Black Bean and Corn Quinoa Salad

This Black Bean and Corn Quinoa Salad is a delightful blend of flavors and textures that’s both healthy and satisfying. With the nuttiness of quinoa, the sweetness of corn, and the earthiness of black beans, each bite is bursting with freshness.

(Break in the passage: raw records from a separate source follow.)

Lemma index_highv v : v \in highv -> index v highv < size highv.
Proof. by rewrite index_mem. Qed.

Lemma label_lowv_range v : v \in lowv -> 0 < label v < b.
Proof.
by move=> v_low; rewrite label_lowv //; have := index_lowv v_low; rewrite /blabel; lia.
Qed.

Lemma label_highv_range v : v \in highv -> b < label v <= l.
Proof.
by move=> v_high; rewrite label_highv //; have := index_highv v_high; rewrite /blabel; lia.
Qed.

Lemma vertex_of_low i : 0 < i < b -> vertex_of i = nth (false, [::]) lowv i.-1.
Proof. by rewrite /vertex_of /blabel ltnS => /andP [_ ->]. Qed.

Lemma vertex_of_high i : b < i -> vertex_of i = nth (false, [::]) highv (l - i).
Proof. by rewrite /vertex_of /blabel => i_high; rewrite ifN //; lia. Qed.

Lemma vertex_of_blabel : size (vertex_of b).2 = 0.
Proof.
have highv_end : size highv <= l - b by rewrite /blabel; lia.
by rewrite /vertex_of /blabel ltnn (nth_default _ highv_end).
Qed.

Lemma label_lowvK v : v \in lowv -> vertex_of (label v) = v.
Proof. by move=> v_low; rewrite vertex_of_low ?label_lowv_range // label_lowv // nth_index. Qed.

Lemma label_highvK v : v \in highv -> vertex_of (label v) = v.
Proof.
move=> v_high; have /andP [b_lt _] := label_highv_range v_high.
rewrite vertex_of_high // label_highv // subKn ?nth_index //.
by have := index_highv v_high; lia.
Qed.

Lemma vertex_of_lowv i : 0 < i < b -> vertex_of i \in lowv.
Proof.
move=> i_low; have i_index : i.-1 < size lowv by move: i_low; rewrite /blabel; lia.
by rewrite vertex_of_low // (mem_nth _ i_index).
Qed.

Lemma vertex_of_highv i : b < i <= l -> vertex_of i \in highv.
Proof.
case/andP=> i_high i_le; have i_index : l - i < size highv by move: i_high; rewrite /blabel; lia.
by rewrite vertex_of_high // (mem_nth _ i_index).
Qed.


Lemma vertex_of_low_before i j : 0 < i -> i < j -> j < b -> before (vertex_of i) (vertex_of j).
Proof.
move=> i_pos ij j_low; have j_index : j.-1 < size lowv by move: j_low; rewrite /blabel; lia.
have i_index : i.-1 < size lowv by lia.
rewrite !vertex_of_low ?i_pos ?j_low ?(ltn_trans ij) //; last by lia.
by apply: (sorted_ltn_nth before_trans _ (before_sorted_lowv _ _)) i_index j_index _; lia.
Qed.

Lemma vertex_of_high_before i j : b < i -> i < j -> j <= l -> before (vertex_of j) (vertex_of i).
Proof.
move=> i_high ij j_le; have i_index : l - i < size highv by move: i_high; rewrite /blabel; lia.
have j_index : l - j < size highv by lia.
rewrite !vertex_of_high ?(ltn_trans i_high ij) //.
by apply: (sorted_ltn_nth before_trans _ (before_sorted_highv _ _)) j_index i_index _; lia.
Qed.

Lemma label_before_lowv x y :
  (x \in lowv) || (size x.2 == 0) -> (y \in lowv) || (size y.2 == 0) ->
  (x == y) || before x y -> label x <= label y.
Proof.
move=> x_low y_low /orP [/eqP -> //|xy].
case/orP: y_low => [y_low|/eqP/label_root ->]; last first.
  by case/orP: x_low => [/label_lowv_range/andP [_ /ltnW]|/eqP/label_root ->].
have x_low' : x \in lowv.
  case/orP: x_low => // /eqP x_root.
  by have := leq_trans (lowv_depth y_low) (before_size xy); rewrite x_root.
have := sorted_index_lt before_irr before_trans (before_sorted_lowv _ _) x_low' y_low xy.
by rewrite !label_lowv //; lia.
Qed.

Lemma label_before_highv x y :
  (x \in highv) || (size x.2 == 0) -> (y \in highv) || (size y.2 == 0) ->
  (x == y) || before x y -> label y <= label x.
Proof.
move=> x_high y_high /orP [/eqP -> //|xy].
case/orP: y_high => [y_high|/eqP/label_root ->]; last first.
  by case/orP: x_high => [/label_highv_range/andP [/ltnW]|/eqP/label_root ->].
have x_high' : x \in highv.
  case/orP: x_high => // /eqP x_root.
  by have := leq_trans (highv_depth y_high) (before_size xy); rewrite x_root.
have := sorted_index_lt before_irr before_trans (before_sorted_highv _ _) x_high' y_high xy.
by rewrite !label_highv //; lia.
Qed.

Lemma label_parent_lowv v : v \in lowv -> b <= label (parent v) <= l.
Proof.
move/parent_lowv/orP => [/label_highv_range/andP [/ltnW -> ->] //|/eqP/label_root ->].
by rewrite leqnn (proj2 (andP blabel_range)).
Qed.

Lemma label_parent_highv v : v \in highv -> 0 < label (parent v) <= b.
Proof.
move/parent_highv/orP => [/label_lowv_range/andP [-> /ltnW ->] //|/eqP/label_root ->].
by rewrite /blabel leqnn.
Qed.

Lemma depth_vertex_of_label v : [|| v \in lowv, v \in highv | size v.2 == 0] ->
  size (vertex_of (label v)).2 = size v.2.
Proof.
case/or3P => [/label_lowvK ->|/label_highvK ->|/eqP v_root] //.
by rewrite label_root // vertex_of_blabel v_root.
Qed.

Lemma mu_blabel : mu b = b.
Proof. by rewrite /mu eqxx. Qed.

Lemma mu_vertex_of i : i != b -> mu i = label (parent (vertex_of i)).
Proof. by rewrite /mu => /negbTE ->. Qed.

Lemma mu_low i : 0 < i < b -> b <= mu i <= l.
Proof.
move=> i_low; rewrite mu_vertex_of ?(ltn_eqF (proj2 (andP i_low))) //.
exact/label_parent_lowv/vertex_of_lowv.
Qed.

Lemma mu_high i : b < i <= l -> 0 < mu i <= b.
Proof.
move=> i_high; rewrite mu_vertex_of ?(gtn_eqF (proj1 (andP i_high))) //.
exact/label_parent_highv/vertex_of_highv.
Qed.

Lemma mu_range i : 0 < i <= l -> 0 < mu i <= l.
Proof.
move=> i_range; have := blabel_range; have [i_low|i_high|->] := ltngtP i b.
- by have := @mu_low i; lia.
- by have := @mu_high i; lia.
- by rewrite mu_blabel; lia.
Qed.

Lemma mu_antitone i j : 0 < i <= j -> j <= l -> mu j <= mu i.
Proof.
move=> /andP [i_pos]; rewrite leq_eqVlt => /orP [/eqP -> //|ij] j_le.
have [i_low|i_high|i_b] := ltngtP i b; last first.
- by rewrite i_b mu_blabel; have := @mu_high j; lia.
- have [vi_high vj_high] : vertex_of i \in highv /\ vertex_of j \in highv.
    by split; apply: vertex_of_highv; lia.
  rewrite !mu_vertex_of ?(gtn_eqF i_high) ?(gtn_eqF (ltn_trans i_high ij)) //.
  apply: label_before_lowv (parent_highv vj_high) (parent_highv vi_high) _.
  exact: before_parent (vertex_of_high_before i_high ij j_le) (highv_depth vi_high).
have [j_low|j_high|j_b] := ltngtP j b.
- have [vi_low vj_low] : vertex_of i \in lowv /\ vertex_of j \in lowv.
    by split; apply: vertex_of_lowv; lia.
  rewrite !mu_vertex_of ?ltn_eqF //.
  apply: label_before_highv (parent_lowv vi_low) (parent_lowv vj_low) _.
  exact: before_parent (vertex_of_low_before i_pos ij j_low) (lowv_depth vj_low).
- by have := @mu_low i; have := @mu_high j; lia.
- by rewrite j_b mu_blabel; have := @mu_low i; lia.
Qed.

Lemma depth_valley i j k : 0 < i <= j -> j <= k <= l ->
  size (vertex_of j).2 <= maxn (size (vertex_of i).2) (size (vertex_of k).2).
Proof.
move=> /andP [i_pos ij] /andP [jk k_le].
have [j_low|j_high|->] := ltngtP j b; last by rewrite vertex_of_blabel.
- apply: leq_trans (leq_maxl _ _); move: ij; rewrite leq_eqVlt => /orP [/eqP -> //|ij].
  exact/before_size/vertex_of_low_before.
- apply: leq_trans (leq_maxr _ _); move: jk; rewrite leq_eqVlt => /orP [/eqP -> //|jk].
  exact/before_size/vertex_of_high_before.
Qed.

Lemma vertex_of_lowv_highv i : 0 < i <= l -> i != b ->
  (vertex_of i \in lowv) || (vertex_of i \in highv).
Proof.
move=> i_range i_ne_b; have [i_low|i_high|i_b] := ltngtP i b; last by rewrite i_b eqxx in i_ne_b.
- by rewrite vertex_of_lowv //; lia.
- by rewrite vertex_of_highv ?orbT //; lia.
Qed.

Lemma vertex_of_depth i : 0 < i <= l -> i != b -> 0 < size (vertex_of i).2.
Proof.
by move=> i_range /(vertex_of_lowv_highv i_range)/orP [/lowv_depth|/highv_depth].
Qed.

Lemma mu_lowers_depth i : 0 < i <= l ->
  mu i = i \/ size (vertex_of (mu i)).2 < size (vertex_of i).2.
Proof.
move=> i_range; have [->|i_ne_b] := eqVneq i b; first by left; rewrite mu_blabel.
right; rewrite mu_vertex_of // depth_vertex_of_label; last first.
  have := vertex_of_lowv_highv i_range i_ne_b.
  by case/orP => [/parent_lowv|/parent_highv] /orP [] ->; rewrite ?orbT.
by rewrite size_parent; have := vertex_of_depth i_range i_ne_b; lia.
Qed.

Lemma depth_lowering_mu : depth_lowering l mu (fun i => size (vertex_of i).2).
Proof. split; [exact: mu_range|exact: mu_antitone|exact: depth_valley|exact: mu_lowers_depth]. Qed.

End Labelling.

Theorem lemma4p4 (l : nat) (Tm Tp : ptree) :
  0 < l -> nedges Tm + nedges Tp = l.-1 ->
  sorted geq (mu_seq l Tm Tp) /\ Pl1 l (mu_seq l Tm Tp).
Proof.
move=> l_pos edges; rewrite -size_lowv_highv in edges.
have mu_Pl1 := Pl1_depth_lowering l_pos (depth_lowering_mu l_pos edges).
by split=> //; case/and3P: (Pl1_inP mu_Pl1).
Qed.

It’s perfect for meal prep, light lunches, or as a side dish for dinner.
What’s great about this recipe is its simplicity. You can whip it up in no time, making it a go-to for busy days. Plus, it’s packed with anti-inflammatory ingredients, making it not just tasty, but good for you too!
Ingredients
- 1 cup quinoa, rinsed
- 2 cups vegetable broth
- 1 can black beans, drained and rinsed
- 1 cup corn, fresh or frozen
- 1 red bell pepper, diced
- 1 avocado, diced
- 1/4 cup red onion, finely chopped
- 1/4 cup fresh cilantro, chopped
- 1 lime, juiced
- Salt and pepper to taste
Instructions
- Cook the Quinoa: In a medium saucepan, combine the rinsed quinoa and vegetable broth. Bring to a boil, then reduce heat, cover, and simmer for about 15 minutes until the quinoa is fluffy.
- Mix the Salad: In a large bowl, combine the cooked quinoa, black beans, corn, red bell pepper, red onion, and cilantro.
- Dress the Salad: Drizzle lime juice over the salad and season with salt and pepper. Toss gently to combine.
- Serve: Top with diced avocado just before serving for a creamy finish. Enjoy!
Moroccan Spiced Vegetable Tagine

This Moroccan Spiced Vegetable Tagine is a vibrant and hearty dish that brings together the warmth of spices and the freshness of vegetables. It’s a perfect option for those looking for an anti-inflammatory meal that’s both satisfying and simple to prepare. The sweet and savory flavors meld beautifully, making it a delightful choice for any dinner table.
With a slow cooker, you can set it and forget it. Just chop up your favorite veggies, toss them in with the spices, and let the slow cooker work its magic. It’s a no-fuss recipe that allows you to enjoy a delicious meal without spending hours in the kitchen.
Eating an anti-inflammatory diet doesn’t have to be complicated—especially when you have a slow cooker doing the hard work for you! These 12 delicious and nutrient-packed crockpot recipes make it easy to nourish your body while saving time in the kitchen.
By incorporating these meals into your routine, you’ll not only enjoy flavorful, home-cooked dishes but also support your overall health, reduce inflammation, and boost your energy levels. So, grab your slow cooker, try out these recipes, and start feeling your best—one meal at a time!